Universities have started offering courses in cryptocurrency and blockchain. Source: Shutterstock.com

The days of cryptocurrency being a futuristic concept used for deep-web transactions are buried in history.

Today everyone from banks and governments to tech-savvy university students are investing both their faith and their money in cryptocurrencies.

Cryptocurrencies, such as bitcoin, are exponentially growing in popularity and demand. Their decentralized, digital nature is making transactions more secure, payment fraud impossible, and the removal of the “middleman”.

As the use of cryptocurrency increases, the need for “miners” – as they’re known – also becomes more crucial.

Miners’ role in the cryptocurrency network is to add “blocks” to the “blockchain” which ensures the confirmation of transactions and prevents cryptocurrency from disappearing into the Internet stratosphere. When a new block is made, the miner who created it is rewarded with valuable cryptocurrency.

Although cryptocurrencies are a relatively new concept to the majority of tech mortals, the crypto-geeks know that making it as a ‘miner’ is the real way to make money in the crypto-world. And, as a result, the demand for university courses teaching the computer science of cryptocurrency and blockchain coding has surged.
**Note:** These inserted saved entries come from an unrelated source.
(* If a and f move by less than d under the shift w on the window [t - K, t],
   then F (t + w) - F t is small: K is long enough for the dissipation to
   forget the value at t - K, and d makes the shifted forcing small. *)
Lemma shift_difference_small w eps (Heps : 0 < eps) :
  exists d, 0 < d /\ exists K, 0 <= K /\ forall t,
    (forall s, t - K <= s <= t ->
       Rabs (a (s + w) - a s) < d /\ Rabs (f (s + w) - f s) < d) ->
    Rabs (F (t + w) - F t) < eps.
Proof.
  assert (B_nonneg : 0 <= B) by (eapply Rle_trans; [apply Rabs_pos | apply (F_bound 0)]).
  set (d := eps * alpha / (2 * (B + 1))).
  assert (d_pos : 0 < d) by (apply Rdiv_lt_0_compat; nra).
  destruct (exp_small alpha alpha_pos (eps / (4 * (B + 1)))) as [K' HK'].
  { apply Rdiv_lt_0_compat; lra. }
  set (K := Rabs K' + 1).
  assert (K_nonneg : 0 <= K) by (pose proof (Rabs_pos K'); unfold K; lra).
  assert (HK : - K < K') by (pose proof (Rle_abs (- K')); rewrite Rabs_Ropp in *; unfold K; lra).
  exists d; split; [exact d_pos |]. exists K; split; [exact K_nonneg |].
  intros t Hwin.
  assert (Hinit : Rabs (F (t - K + w) - F (t - K)) <= 2 * B).
  { replace (F (t - K + w) - F (t - K)) with (F (t - K + w) + - F (t - K)) by ring.
    eapply Rle_trans; [apply Rabs_triang |]. rewrite Rabs_Ropp.
    pose proof (F_bound (t - K + w)); pose proof (F_bound (t - K)); lra. }
  assert (Hforce : forall s, t - K <= s <= t -> Rabs (shift_forcing w s) <= d * B + d).
  { intros s Hs. destruct (Hwin s Hs) as [Ha Hf]. unfold shift_forcing.
    eapply Rle_trans; [apply Rabs_triang |]. rewrite Rabs_mult, (Rabs_minus_sym (a s)).
    assert (Rabs (a (s + w) - a s) * Rabs (F (s + w)) <= d * B)
      by (apply Rmult_le_compat; [apply Rabs_pos | apply Rabs_pos | lra | apply F_bound]).
    lra. }
  assert (Hdiss := dissipation_estimate a alpha a_cont a_lower alpha_pos _ _
                     (shift_difference_ode w) (shift_forcing_continuous w)
                     (t - K) t (2 * B) (d * B + d) ltac:(lra) Hinit Hforce).
  cbv beta in Hdiss. replace (t - (t - K)) with K in Hdiss by ring.
  assert (Hexp : exp (- alpha * K) < eps / (4 * (B + 1))).
  { replace (- alpha * K) with (alpha * - K) by ring. apply HK', HK. }
  assert (Hdrift : (d * B + d) / alpha = eps / 2) by (unfold d; field; lra).
  assert (Hmemory : 2 * B * exp (- alpha * K) < eps / 2).
  { apply Rle_lt_trans with (2 * B * (eps / (4 * (B + 1)))); [apply Rmult_le_compat_l; lra |].
    replace (2 * B * (eps / (4 * (B + 1)))) with (eps / 2 * (B / (B + 1))) by (field; lra).
    assert (B / (B + 1) < 1) by (apply Rmult_lt_reg_r with (B + 1); [lra | field_simplify; lra]).
    nra. }
  lra.
Qed.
Universities have already seen the startup of cryptocurrency societies, with the Blockchain Education Network (BEN) acting as a central hub for ideas among student societies.

And just like with cryptocurrency, as demand fluctuates, the market responds. The crypto-trend has seen the emergence of university courses such as “Digital Currency, Blockchains and the Future of Financial Services”’ at NYU Law.

Edinburgh University is also set to launch the first course of this kind in Europe. Aggelos Kiayias, chair in cyber ecurity and privacy, and director of the blockchain technology laboratory at the university, told the Financial Times:

“Blockchain technology is a recent development and there is always a bit of a lag as academia catches up.”

According to data received by the Financial Times from LinkedIn, there were more than 1,000 blockchain-related jobs advertised in June – three times the amount advertised last year.

“Students currently have the chance to be involved in the early stages of a technological revolution,” George Benton, co-founder and co-president of Leeds University Union Cryptocurrency and Blockchain Society, told Study International.

“The decentralized nature of blockchain technology resonates with my generation because of the power it gives to individuals.”

Tamar Menteshashvili, blockchain technology and financial innovations researcher at Shanghai Jiao Tong University, said: “Blockchain is a technology that has potential to disrupt many industries. Yet, currently it poses a number of interesting intellectual puzzles that need to be solved in order to achieve the realization of its full potential.

“That is where students can contribute, while at the same time greatly broadening their career horizons. It is a next-generation technology that will continue to offer a vast variety of possibilities. While choosing blockchain as a research point, each student is joining a cohort of future-engineers.”

With industry experts predicting cryptocurrency to become the finance of the future, it is only a matter of time before more universities begin offering specifically-directed courses to help produce the digital miners of the future.